Le choix du test de stimulation le plus approprié et
des valeurs seuils de taux d’hormone de croissance
(GH), ainsi que la dose optimale à administrer pour
améliorer les paramètres métaboliques liés au déficit
en GH, ont été discutés dans cette session. E. Thomas
a rappelé que, à l’heure actuelle, les recommandations
indiquent de traiter les adolescents présentant un
pic de GH inférieur à 5 mU/l avec une dose entre 0,3
et 1 mg/j.
•• Le dernier sujet a traité de l’hyperplasie congénitale des surrénales à cet âge charnière de la vie. A.
Brac de la Perrière, de Lyon, a rappelé la difficulté du
traitement, notamment dans les formes classiques.

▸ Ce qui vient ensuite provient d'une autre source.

(* For all integers $n>1$, $$c_{\mathbb{Z}^2}(n)=c_{TS}(n,2)=c_{LS}(n,2)=\lfloor 2n-2\sqrt{n}\rfloor .$$
   Context: A packing of disks in $\mathbb{E}^2$ is a family of disks with pairwise disjoint interiors. A packing is totally separable (a TS-packing) if any two of its disks can be separated by a line disjoint from the interior of every disk of the packing. A packing $\mathcal{P}$ is locally separable (an LS-packing) if each disk of $\mathcal{P}$ together with the disks of $\mathcal{P}$ tangent to it form a TS-packing. The contact number $c(\mathcal{P})$ is the number of unordered pairs of tangent disks of $\mathcal{P}$. $c_{TS}(n,2)$ (resp. $c_{LS}(n,2)$) denotes the largest contact number of a TS-packing (resp. LS-packing) of $n$ congruent disks in $\mathbb{E}^2$. $c_{\mathbb{Z}^2}(n)$ denotes the largest contact number of a packing of $n$ disks of diameter $1$ whose centers are distinct points of the integer lattice $\mathbb{Z}^2$. *)

From HB Require Import structures.
From mathcomp Require Import all_boot all_order all_algebra.
From mathcomp Require Import all_classical all_reals.
Set Implicit Arguments. Unset Strict Implicit. Unset Printing Implicit Defensive.
Import Order.TTheory GRing.Theory Num.Theory.
Local Open Scope ring_scope.
Local Open Scope classical_set_scope.

Section Disks.
Variable R : realType.
Notation P2 := (R * R)%type.

Definition cdisk (c : P2) (r : R) : set P2 :=
  [set x | (x.1 - c.1) ^+ 2 + (x.2 - c.2) ^+ 2 <= r ^+ 2].
Definition odisk (c : P2) (r : R) : set P2 :=
  [set x | (x.1 - c.1) ^+ 2 + (x.2 - c.2) ^+ 2 < r ^+ 2].

Definition lin (a : P2) (x : P2) : R := a.1 * x.1 + a.2 * x.2.
Definition line (a : P2) (b : R) : set P2 := [set x | lin a x = b].

(* A family of n congruent disks of radius r with centers c i (i < n). *)
Definition packing (n : nat) (r : R) (c : 'I_n -> P2) : Prop :=
  0 < r /\ forall i j : 'I_n, i != j -> odisk (c i) r `&` odisk (c j) r = set0.

Definition tangent (n : nat) (r : R) (c : 'I_n -> P2) (i j : 'I_n) : Prop :=
  i != j /\ cdisk (c i) r `&` cdisk (c j) r !=set0.

Definition TS_on (n : nat) (r : R) (c : 'I_n -> P2) (S : set 'I_n) : Prop :=
  forall i j, S i -> S j -> i != j ->
    exists (a : P2) (b : R), a != (0, 0) /\
      (forall x, cdisk (c i) r x -> lin a x <= b) /\
      (forall x, cdisk (c j) r x -> b <= lin a x) /\
      (forall k, S k -> line a b `&` odisk (c k) r = set0).

Definition TS_packing (n : nat) (r : R) (c : 'I_n -> P2) : Prop :=
  packing r c /\ TS_on r c setT.

Definition LS_packing (n : nat) (r : R) (c : 'I_n -> P2) : Prop :=
  packing r c /\
  forall i : 'I_n, TS_on r c ([set i] `|` [set j | tangent r c i j]).

Definition Z2_packing (n : nat) (r : R) (c : 'I_n -> P2) : Prop :=
  r = 2^-1 /\ packing r c /\ injective c /\
  forall i, exists z1 z2 : int, c i = (z1%:~R, z2%:~R).

Definition contact_number (n : nat) (r : R) (c : 'I_n -> P2) : nat :=
  #|[pred p : 'I_n * 'I_n | (p.1 < p.2)%N && `[< tangent r c p.1 p.2 >]]|.

Definition largest_contact (n : nat) (Pk : R -> ('I_n -> P2) -> Prop) (k : int) : Prop :=
  (exists r c, Pk r c /\ (contact_number r c)%:Z = k) /\
  (forall r c, Pk r c -> ((contact_number r c)%:Z <= k)%R).

End Disks.

(* An LS-packing has "obtuse neighbourhoods": two disks tangent to a disk D
   subtend a non-acute angle at its center.  Indeed D lies on one side of a
   line separating them that avoids its interior, so the disk on the other side
   touches D exactly where the line does, and the third disk lies beyond it.
   Cut the nonzero directions into two opposite pairs of half-open quadrants,
   "horizontal" and "vertical".  Vectors in one quadrant make acute angles, so
   every disk has at most one neighbour in each quadrant direction and is that
   neighbour for at most one disk: the horizontal contacts form monotone
   paths, and so do the vertical ones.  With a horizontal and b vertical path
   ends there are at most (n - a) + (n - b) contacts, while a horizontal and a
   vertical path meet in at most one disk, so n <= ab and the contact number is
   at most 2n - a - b <= 2n - 2 sqrt n.  Z^2-packings are TS-packings, which
   are LS-packings, and a w x h block of lattice points with w = ceil(sqrt n)
   and h in {w - 1, w} attains the bound. *)

From HB Require Import structures.
From mathcomp Require Import all_boot all_order all_algebra.
From mathcomp Require Import all_classical all_reals.
From mathcomp Require Import ring lra zify.
Import Order.TTheory GRing.Theory Num.Theory.
Local Open Scope ring_scope.
Set Implicit Arguments. Unset Strict Implicit. Unset Printing Implicit Defensive.

Section PlaneGeometry.
Variable R : realType.
Local Open Scope classical_set_scope.
Implicit Types (a p q u v x y : R * R) (r s b : R).

Definition vsub x y : R * R := (x.1 - y.1, x.2 - y.2).
Definition vneg v : R * R := (- v.1, - v.2).
Definition norm2 v : R := v.1 ^+ 2 + v.2 ^+ 2.

Lemma norm2_ge0 v : 0 <= norm2 v.
Proof. by rewrite addr_ge0 ?sqr_ge0. Qed.

Lemma norm2_gt0 v : v != (0, 0) -> 0 < norm2 v.
Proof.
move=> nz; rewrite lt_def norm2_ge0 andbT paddr_eq0 ?sqr_ge0 //.
rewrite !sqrf_eq0; apply: contra nz => /andP[/eqP e1 /eqP e2].
by rewrite [v]surjective_pairing e1 e2.
Qed.

Lemma norm2_vneg v : norm2 (vneg v) = norm2 v.
Proof. by rewrite /norm2 /= !sqrrN. Qed.

Lemma lin_vneg a x : lin (vneg a) x = - lin a x.
Proof. by rewrite /lin /=; ring. Qed.

Lemma linC x y : lin x y = lin y x.
Proof. by rewrite /lin mulrC [x.2 * _]mulrC. Qed.

Lemma lin_vsub a x y : lin a (vsub x y) = lin a x - lin a y.
Proof. by rewrite /lin /=; ring. Qed.

Lemma vsub_eq0 x y : (vsub x y == (0, 0)) = (x == y).
Proof.
by case: x y => x1 x2 [y1 y2]; rewrite /vsub !xpair_eqE /= !subr_eq0.
Qed.

Lemma vsubC x y : vsub x y = vneg (vsub y x).
Proof. by rewrite /vsub /vneg /=; congr pair; ring. Qed.

Lemma cdiskE c r x : cdisk c r x = (norm2 (vsub x c) <= r ^+ 2).
Proof. by []. Qed.

Lemma odiskE c r x : odisk c r x = (norm2 (vsub x c) < r ^+ 2).
Proof. by []. Qed.

Lemma sqr_half : (2^-1 : R) ^+ 2 = 4^-1.
Proof. by rewrite exprVn; congr (_^-1); ring. Qed.

Lemma norm2_vsub_le x y z :
  norm2 (vsub x y) <= 2 * norm2 (vsub z x) + 2 * norm2 (vsub z y).
Proof.
rewrite -subr_ge0 /norm2 /=.
have -> : 2 * ((z.1 - x.1) ^+ 2 + (z.2 - x.2) ^+ 2) +
    2 * ((z.1 - y.1) ^+ 2 + (z.2 - y.2) ^+ 2) -
    ((x.1 - y.1) ^+ 2 + (x.2 - y.2) ^+ 2) =
    (2 * z.1 - x.1 - y.1) ^+ 2 + (2 * z.2 - x.2 - y.2) ^+ 2 by ring.
by rewrite addr_ge0 ?sqr_ge0.
Qed.

(* Equality case of Cauchy-Schwarz: [p] is forced to be [-(2 r / s) a]. *)
Lemma antiparallel_of_extremal a p q s r : 0 <= r -> 0 < s -> s ^+ 2 = norm2 a ->
  norm2 p <= (2 * r) ^+ 2 -> lin a p <= - 2 * r * s ->
  s * lin p q = - 2 * r * lin a q.
Proof.
move=> r0 s0 sE hp hap.
set d1 := s * p.1 + 2 * r * a.1; set d2 := s * p.2 + 2 * r * a.2.
have hd : d1 ^+ 2 + d2 ^+ 2 <= 0.
  have -> : d1 ^+ 2 + d2 ^+ 2 = s ^+ 2 * norm2 p + 4 * r * s * lin a p
                               + 4 * r ^+ 2 * norm2 a.
    by rewrite /d1 /d2 /norm2 /lin; ring.
  rewrite -sE.
  have : s ^+ 2 * norm2 p <= s ^+ 2 * (2 * r) ^+ 2 by rewrite ler_wpM2l ?sqr_ge0.
  have : 4 * r * s * lin a p <= 4 * r * s * (- 2 * r * s).
    by rewrite ler_wpM2l // !mulr_ge0 // ltW.
  nra.
have [e1 e2] : s * p.1 = - 2 * r * a.1 /\ s * p.2 = - 2 * r * a.2.
  suff [] : d1 = 0 /\ d2 = 0 by rewrite /d1 /d2; lra.
  by split; apply/eqP; rewrite -sqrf_eq0 eq_le sqr_ge0 andbT;
    have := sqr_ge0 d1; have := sqr_ge0 d2; lra.
by rewrite /lin mulrDr !mulrA e1 e2; ring.
Qed.

Lemma disk_below_line a c r b : a != (0, 0) ->
  (forall x, cdisk c r x -> lin a x <= b) -> lin a c + r * Num.sqrt (norm2 a) <= b.
Proof.
move=> a0 hb; set s := Num.sqrt (norm2 a).
have s0 : 0 < s by rewrite sqrtr_gt0 norm2_gt0.
have sE : s ^+ 2 = norm2 a by rewrite sqr_sqrtr // norm2_ge0.
pose x := (c.1 + r / s * a.1, c.2 + r / s * a.2).
have xc : norm2 (vsub x c) = r ^+ 2.
  have -> : norm2 (vsub x c) = (r / s) ^+ 2 * s ^+ 2 by rewrite sE /norm2 /=; ring.
  by field; rewrite gt_eqF.
have /hb : cdisk c r x by rewrite cdiskE xc.
have -> : lin a x = lin a c + r / s * s ^+ 2 by rewrite sE /lin /norm2 /=; ring.
by rewrite expr2 mulrA divfK // gt_eqF.
Qed.

Lemma disk_above_line a c r b : a != (0, 0) ->
  (forall x, cdisk c r x -> b <= lin a x) -> b + r * Num.sqrt (norm2 a) <= lin a c.
Proof.
move=> a0 hb.
have na0 : vneg a != (0, 0) by apply: contra a0; rewrite !xpair_eqE !oppr_eq0.
suff : - lin a c + r * Num.sqrt (norm2 a) <= - b by lra.
rewrite -lin_vneg -(norm2_vneg a); apply: disk_below_line na0 _ => x /hb.
by rewrite lin_vneg lerN2.
Qed.

Lemma line_avoids_disk a c r b : a != (0, 0) -> 0 <= r ->
  line a b `&` odisk c r = set0 -> r * Num.sqrt (norm2 a) <= `|lin a c - b|.
Proof.
move=> a0 r0 hl; set s := Num.sqrt (norm2 a).
have s0 : 0 < s by rewrite sqrtr_gt0 norm2_gt0.
have sE : s ^+ 2 = norm2 a by rewrite sqr_sqrtr // norm2_ge0.
rewrite leNgt; apply/negP => hlt.
pose t := (b - lin a c) / s ^+ 2; pose x := (c.1 + t * a.1, c.2 + t * a.2).
suff : (line a b `&` odisk c r) x by rewrite hl.
split.
  rewrite /line /x /t /lin /=; rewrite sE /norm2; field.
  by rewrite -/(norm2 a) gt_eqF // norm2_gt0.
rewrite odiskE; have -> : norm2 (vsub x c) = `|lin a c - b| ^+ 2 / s ^+ 2.
  rewrite real_normK ?num_real // /x /t sE /norm2 /=; field.
  by rewrite -/(norm2 a) gt_eqF // norm2_gt0.
by rewrite ltr_pdivrMr ?exprn_gt0 // -exprMn ltrXn2r.
Qed.

Lemma line_vneg a b : line (vneg a) (- b) = line a b.
Proof.
rewrite /line; apply/seteqP; split => x /=; rewrite lin_vneg; first exact: oppr_inj.
by move->.
Qed.

Lemma separated_nbhd_obtuse ci cj ck r a b : 0 < r -> a != (0, 0) ->
  norm2 (vsub cj ci) <= (2 * r) ^+ 2 -> norm2 (vsub ck ci) <= (2 * r) ^+ 2 ->
  (forall x, cdisk cj r x -> lin a x <= b) ->
  (forall x, cdisk ck r x -> b <= lin a x) ->
  line a b `&` odisk ci r = set0 ->
  lin (vsub cj ci) (vsub ck ci) <= 0.
Proof.
move=> r0 a0; wlog bi : a b cj ck a0 / b <= lin a ci.
  move=> wlog_bi hj hk hjb hkb hl; have [ib|bi] := lerP b (lin a ci).
    exact: (wlog_bi a b cj ck a0 ib hj hk hjb hkb hl).
  have na0 : vneg a != (0, 0) by apply: contra a0; rewrite !xpair_eqE !oppr_eq0.
  rewrite linC; apply: (wlog_bi (vneg a) (- b)) => //; rewrite ?line_vneg //.
  - by rewrite lin_vneg lerN2 ltW.
  - by move=> x /hkb; rewrite lin_vneg lerN2.
  - by move=> x /hjb; rewrite lin_vneg lerN2.
move=> hj hk hjb hkb hl.
have lj := disk_below_line a0 hjb; have lk := disk_above_line a0 hkb.
have := line_avoids_disk a0 (ltW r0) hl; rewrite ger0_norm ?subr_ge0 // => li.
set s := Num.sqrt (norm2 a) in lj lk li.
have s0 : 0 < s by rewrite sqrtr_gt0 norm2_gt0.
have sE : s ^+ 2 = norm2 a by rewrite sqr_sqrtr // norm2_ge0.
have hp : lin a (vsub cj ci) <= - 2 * r * s by rewrite lin_vsub; lra.
have lp : lin a (vsub cj ci) = - 2 * r * s.
  apply: (mulfI (lt0r_neq0 s0)); rewrite linC.
  by rewrite (antiparallel_of_extremal _ (ltW r0) s0 sE hj hp) /lin -/(norm2 a) -sE; ring.
have := antiparallel_of_extremal (vsub ck ci) (ltW r0) s0 sE hj hp.
rewrite !lin_vsub in lp * => e; rewrite -(pmulr_rle0 _ s0) e.
have : 0 <= lin a ck - lin a ci by lra.
nra.
Qed.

Le traitement vise à atteindre des doses suffisantes
pour éviter l’insuffisance surrénale aiguë et contrôler l’hyperandrogénie, et des doses minimales pour
éviter le ralentissement statural et la prise de poids
importante. À l’adolescence viennent se rajouter les
risques fracturaire et cardiovasculaire, justifiant de
se reposer la question des doses de glucocorticoïdes
optimales et des moyens de surveillance (surveillance
biologique mais également radiologique régulière telle
que l’ostéodensitométrie osseuse). Les études récentes
s’intéressent de plus à la qualité de vie et à la fertilité,
notamment chez les femmes, toutes 2 souvent altérées
dans cette pathologie. Ces études remettent en question l’intérêt des traitements contraceptifs oraux et des
médicaments à visée antiandrogénique, ainsi que la
place de la dexaméthasone. À Lyon, A. Brac de Perrière
rapporte l’évolution plutôt satisfaisante d’une petite
cohorte féminine âgée actuellement de 20 à 30 ans,
notamment dans le cas des formes classiques. Cette
cohorte compte 60 % de jeunes femmes ayant une vie
sexuelle régulière et aucune complication métabolique
ou surrénalienne. Elle a, à cette occasion, montré les
effets potentiellement délétères à long terme des glucocorticoïdes et donc conseillé de bien veiller à revoir à
la baisse les doses d’hydrocortisone, notamment après
les premières années de vie.
Conclusion
Pour conclure sur l’adolescent, nous rappellerons que
la qualité de la transition entre le pédiatre et l’endocrinologue adulte au cours de cette période de la vie
marquée par de nombreux changements et la fin de
la supervision des soins par les parents, ainsi que la
continuité dans la prise en charge, ont été évoquées
dans chacune des sessions comme un élément clé de
la réussite du suivi des patients. Ainsi, ces sessions,
véritables collaborations entre les sociétés d’endocrinologie pédiatrique (Société française d’endocrinologie
et diabétologie pédiatrique [SFEDP]) et adulte (Société
française d’endocrinologie [SFE]), montrent bien l’intérêt
prêté par chacun à l’enjeu de la période de transition
dans les pathologies endocriniennes.